В памяти не прошено всплывает далекий чистый кабинет с бежевыми стенами и мужчиной с очень серьезным взглядом, все время рефлекторно поправляющим очки. Хочется скривиться. От мужчины все время пахло лимоном, он сам был как лимон.
(– Но, Эррор, я сегодня специально попросил у жены ее духи. Они с сиренью. Ты точно уверен? — потом идет кивок, потом вздох. А потом все начинается сначала.)
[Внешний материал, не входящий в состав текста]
Lemma lt_ts_within_step k s w : time k <= s -> s < time k.+1 -> (time k < ts w) = (s < ts w).
Proof.
move=> h1 h2; apply/idP/idP => h; last by apply: le_lt_trans h.
have := delta_le_ts h; rewrite timeS in h2; lra.
Qed.

Lemma lt_tb_within_step k s w : time k <= s -> s < time k.+1 -> (time k < tb w) = (s < tb w).
Proof.
move=> h1 h2; apply/idP/idP => h; last by apply: le_lt_trans h.
have := delta_le_tb h; rewrite timeS in h2; lra.
Qed.

Lemma halted_step k :
  ~~ running k -> [/\ ~~ running k.+1, yadd k.+1 = yadd k & time k.+1 = time k].
Proof.
move=> halt_k; have [eT _ _ eA] := stepE k.
have eT' : time k.+1 = time k by rewrite eT /delta (negPf halt_k) addr0.
split => //; last by rewrite eA /delta (negPf halt_k) mul0r addr0.
by move: halt_k; rewrite !runningE eT'.
Qed.

Lemma halted_after k m : ~~ running k -> (k <= m)%N ->
  [/\ ~~ running m, yadd m = yadd k & time m = time k].
Proof.
move=> halt_k; elim: m => [|m IH]; first by rewrite leqn0 => /eqP kz; subst k; split.
rewrite leq_eqVlt => /orP [/eqP <-|]; first by split.
rewrite ltnS => /IH [halt_m eA eT]; have [] := halted_step halt_m.
by move=> ? -> ->.
Qed.

Lemma halted_ge k w : ~~ running k -> ts w <= time k.
Proof. by rewrite runningE negb_exists => /forallP /(_ w); rewrite -leNgt. Qed.

Lemma eq_activeAt (P : V -> R) t1 t2 C :
  (forall w, (t1 < P w) = (t2 < P w)) -> activeAt P t1 C = activeAt P t2 C.
Proof. by move=> eq_t; apply: eq_existsb => w; rewrite eq_t. Qed.

Lemma active_within_step k s C : time k <= s -> s < time k.+1 -> active k C = activeAt ts s C.
Proof. by move=> ge_s lt_s; apply: eq_activeAt => w; apply: lt_ts_within_step. Qed.

Definition nadd_at F s := #|[set C in comps F | activeAt ts s C && ~~ activeAt tb s C]|.

Lemma addrate_nadd_at k s : time k <= s -> (running k -> s < time k.+1) ->
  addrate k = (nadd_at (tforest k) s)%:R.
Proof.
move=> ge_s lt_s; rewrite /addrate; case: (boolP (running k)) => [run_k|halt_k].
  have {}lt_s := lt_s run_k; congr (_%:R); rewrite /nadd /active.
  apply: eq_card => C; rewrite !inE.
  by rewrite (eq_activeAt _ (fun w => lt_ts_within_step w ge_s lt_s))
     (eq_activeAt _ (fun w => lt_tb_within_step w ge_s lt_s)).
apply/esym/eqP; rewrite pnatr_eq0 cards_eq0; apply/eqP/setP => C; rewrite !inE.
apply/negP => /andP [_ /andP [/existsP [w /andP [_ lt_w]] _]].
by have := halted_ge w halt_k; lra.
Qed.

(* Every step of a running process ends at an event: a threshold ts w or tb w
   is reached, or a crossing edge becomes tight, and it is merged at the start
   of the next step.  So the following potential strictly decreases. *)
Definition pending k := (#|[set w | (time k < ts w)%R]| + #|[set w | (time k < tb w)%R]|)%N.
Definition ncomps k := #|comps (forest k)|.
Definition tight_crossing k := [exists e, crossing (forest k) e && tight (dual k) e].
Definition potential k := (pending k + ncomps k + ~~ tight_crossing k)%N.

Lemma card_comps_tforest k : (#|comps (tforest k)| + tight_crossing k <= ncomps k)%N.
Proof.
have fin : finer src dst (forest k) (tforest k) by apply/finer_subset/addTight_subset.
case: (boolP (tight_crossing k)) => [/existsP [e /andP [cr ti]]|_].
  rewrite addn1; apply: (ltn_card_comps_merge fin cr).
  by apply: contraL ti => /addTight_crossing.
by rewrite addn0 leq_card_comps_finer.
Qed.

Lemma subset_pendingS k (P : V -> R) : [set w | time k.+1 < P w] \subset [set w | time k < P w].
Proof. by apply/subsetP => w; rewrite !inE => h; apply: le_lt_trans (time_leS k) h. Qed.

Lemma proper_pendingS k (P : V -> R) w : time k < P w -> time k.+1 = P w ->
  (#|[set w | (time k.+1 < P w)%R]| < #|[set w | (time k < P w)%R]|)%N.
Proof.
move=> h1 h2; apply: proper_card; apply/properP; split; first exact: subset_pendingS.
by exists w; rewrite !inE ?h1 // h2 ltxx.
Qed.

Lemma potential_decr k : running k -> (potential k.+1 < potential k)%N.
Proof.
move=> run_k; have := card_comps_tforest k; rewrite /potential /ncomps forestS.
have s1 := subset_leq_card (subset_pendingS k ts).
have s2 := subset_leq_card (subset_pendingS k tb).
have := seqmin_mem (gaps_neq_nil run_k).
have dmem : delta k = seqmin (gaps k) by rewrite /delta run_k.
rewrite -dmem /gaps !mem_cat => /or3P [] /mapP [z]; rewrite mem_filter.
- case/andP => h _ eq; have e1 : time k.+1 = ts z by rewrite timeS eq addrC subrK.
  have := proper_pendingS h e1.
  rewrite /pending; case: (tight_crossing k); case: (tight_crossing k.+1) => /=; lia.
- case/andP => h _ eq; have e1 : time k.+1 = tb z by rewrite timeS eq addrC subrK.
  have := proper_pendingS h e1.
  rewrite /pending; case: (tight_crossing k); case: (tight_crossing k.+1) => /=; lia.
- case/andP => /andP [cr rp] _ eq.
  have ti : tight_crossing k.+1.
    apply/existsP; exists z; rewrite forestS cr /= /Defs.tight load_dualS growth_crossing // eq.
    rewrite mulrAC -mulrA divff ?mulr1 ?pnatr_eq0 -?lt0n // addrC subrK //.
  rewrite ti /pending; case: (tight_crossing k) => /=; lia.
Qed.

Lemma potential_ge2 k : running k -> (2 <= potential k)%N.
Proof.
rewrite runningE => /existsP [w h].
have h1 : (0 < #|[set w | (time k < ts w)%R]|)%N by apply/card_gt0P; exists w; rewrite inE.
have h2 : (0 < ncomps k)%N by apply/card_gt0P; exists (comp (forest k) w); apply/imsetP; exists w.
rewrite /potential /pending; lia.
Qed.

Lemma potential0 : (potential 0 <= 3 * #|V| + 1)%N.
Proof.
rewrite /potential /pending; set n := #|V|.
have h1 : (#|[set w | (time 0 < ts w)%R]| <= n)%N := max_card _.
have h2 : (#|[set w | (time 0 < tb w)%R]| <= n)%N := max_card _.
have h3 : (ncomps 0 <= n)%N := leq_imset_card _ _.
case: (tight_crossing 0) => /=; lia.
Qed.

Lemma running_prev k j : running k -> (j <= k)%N -> running j.
Proof.
move=> run_k jk; case: (boolP (running j)) => // halt_k.
by have [+ _ _] := halted_after halt_k jk; rewrite run_k.
Qed.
— Вот, — выуживает он паспорт наконец и облегченно выдыхает. Одной проблемой, кажется, меньше.
Мистер Мэйр осторожно рассматривает книжечку, протянутую ему. Сверив фотографию, он кивает себе и отдает паспорт обратно.
— Да, хорошо. Я также забыл попросить в прошлый раз, но не могли бы Вы дать мне Вашу контактную информацию? — в руках у него оказывается ручка, будто из неоткуда. Эррор, кажется, что-то такое припоминает, еще с прошлого раза. Хотя воспоминания у него мутные, плавающие, чем больше он пытается вспомнить, тем сильнее у него болит голова. Нервным движением руки прислоняет ладонь к карману толстовки, пальцами нащупывает блистер. Надо было выпить еще в школе, заранее.
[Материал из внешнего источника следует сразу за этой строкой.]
(* Let $X$ be a topological space and let $\mathcal P$ be a ring of open subsets of $X$ (closed under finite unions and finite intersections) which is closed under a winning strategy for Player I in the open-open game on $X$ and satisfies $\mathcal P\subseteq\mathcal P_{seq}$. Then $X/\mathcal P$ with the $\mathcal Q_{\mathcal P}$-topology is a completely regular space and the $\mathcal Q_{\mathcal P}$-map $q:X\to X/\mathcal P$ is skeletal.
   Context: For a family $\mathcal P$ of subsets of $X$: $[x]_{\mathcal P}=\{y: \forall V\in\mathcal P\ (x\in V\iff y\in V)\}$, $X/\mathcal P=\{[x]_{\mathcal P}:x\in X\}$, $q(x)=[x]_{\mathcal P}$ is the $\mathcal Q_{\mathcal P}$-map, and the $\mathcal Q_{\mathcal P}$-topology is the coarsest topology on $X/\mathcal P$ containing all $q[V]$, $V\in\mathcal P$. $\mathcal P_{seq}$ is the family of all sets $W$ for which there exist $\{U_n\}_{n\in\omega},\{V_n\}_{n\in\omega}\subseteq\mathcal P$ with $U_k\subseteq X\setminus V_k\subseteq U_{k+1}$ for all $k$ and $\bigcup_nU_n=W$. Open-open game: at inning $n$ Player I picks a non-empty open $A_n$, Player II a non-empty open $B_n\subseteq A_n$; Player I wins if $\bigcup_nB_n$ is dense. A strategy $\sigma$ for Player I assigns a non-empty open set to each finite sequence of non-empty open sets; it is winning if Player I wins every play with $A_0=\sigma(\emptyset)$, $A_{n+1}=\sigma(B_0,\dots,B_n)$. $\mathcal P$ is closed under $\sigma$ if $\sigma(\emptyset)\in\mathcal P$ and $\sigma(B_0,\dots,B_n)\in\mathcal P$ whenever $B_0,\dots,B_n$ are non-empty members of $\mathcal P$. A continuous surjection $f$ is skeletal if for every non-empty open $U$ the closure of $f[U]$ has non-empty interior. *)

From HB Require Import structures.
From mathcomp Require Import all_boot all_order all_algebra.
From mathcomp Require Import all_classical all_reals topology.
From mathcomp Require Import Rstruct Rstruct_topology.
From Stdlib Require Import Reals.

Set Implicit Arguments.
Unset Strict Implicit.
Unset Printing Implicit Defensive.

Local Open Scope classical_set_scope.

Section Defs.
Context {X : topologicalType}.

Definition cls (P : set (set X)) (x : X) : set X :=
  [set y | forall V, P V -> (V x <-> V y)].

Definition quot (P : set (set X)) : Type := {A : set X | exists x, A = cls P x}.

Definition qmap (P : set (set X)) (x : X) : quot P :=
  exist _ (cls P x) (ex_intro _ x erefl).

Definition is_topology {Y : Type} (O : set (set Y)) : Prop :=
  O setT /\ (forall A B, O A -> O B -> O (A `&` B)) /\
  (forall F : set (set Y), F `<=` O -> O (\bigcup_(A in F) A)).

Definition gen_topology {Y : Type} (S : set (set Y)) : set (set Y) :=
  fun A => forall O, is_topology O -> S `<=` O -> O A.

Definition QP_topology (P : set (set X)) : set (set (quot P)) :=
  gen_topology [set qmap P @` V | V in P].

Definition completely_regular {Y : Type} (O : set (set Y)) : Prop :=
  forall (F : set Y) (p : Y), O (~` F) -> ~ F p ->
    exists f : Y -> R,
      (forall A : set R, open A -> O (f @^-1` A)) /\
      (forall y, (0 <= f y <= 1)%R) /\ f p = 0%R /\
      (forall y, F y -> f y = 1%R).

Definition closure_in {Y : Type} (O : set (set Y)) (A : set Y) : set Y :=
  [set y | forall W, O W -> W y -> W `&` A !=set0].

Definition interior_in {Y : Type} (O : set (set Y)) (A : set Y) : set Y :=
  \bigcup_(W in [set W | O W /\ W `<=` A]) W.

Definition skeletal {Y : Type} (O : set (set Y)) (f : X -> Y) : Prop :=
  (forall W, O W -> open (f @^-1` W)) /\
  (forall y, exists x, f x = y) /\
  (forall U : set X, open U -> U !=set0 ->
     interior_in O (closure_in O (f @` U)) !=set0).

Definition ring_of_open_sets (P : set (set X)) : Prop :=
  (forall V, P V -> open V) /\
  (forall U V, P U -> P V -> P (U `|` V)) /\
  (forall U V, P U -> P V -> P (U `&` V)).

Definition Pseq (P : set (set X)) : set (set X) :=
  [set W | exists U V : nat -> set X,
     (forall n, P (U n)) /\ (forall n, P (V n)) /\
     (forall k, U k `<=` ~` V k /\ ~` V k `<=` U k.+1) /\
     \bigcup_n U n = W].

Definition nonempty_open (A : set X) : Prop := open A /\ A !=set0.

Definition strategyI (sigma : seq (set X) -> set X) : Prop :=
  forall s : seq (set X), (forall B, B \in s -> nonempty_open B) ->
    nonempty_open (sigma s).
— А могу я дать контактную информацию родственника? — спрашивает он, чуть помедлив. Мистер Мэйр утвердительно кивает. Щелкнув ручкой, тот записывает продиктованный номер брата. Удостоверившись, что он записал все правильно и что «Гено» у него написано через о (Ольга), а не через а (Анна), Мистер Мэйр положительно хмыкает.
— Эй, босс… — доносится вдруг из-за стойки. — Мне табличку уже сменить или подождать пока Эррор при… Ой, — бледный парень в темных очках, похожий на Инка и вышедший из подсобки, спотыкается на словах. — З-з-здрас-с-сьте, — протягивает он.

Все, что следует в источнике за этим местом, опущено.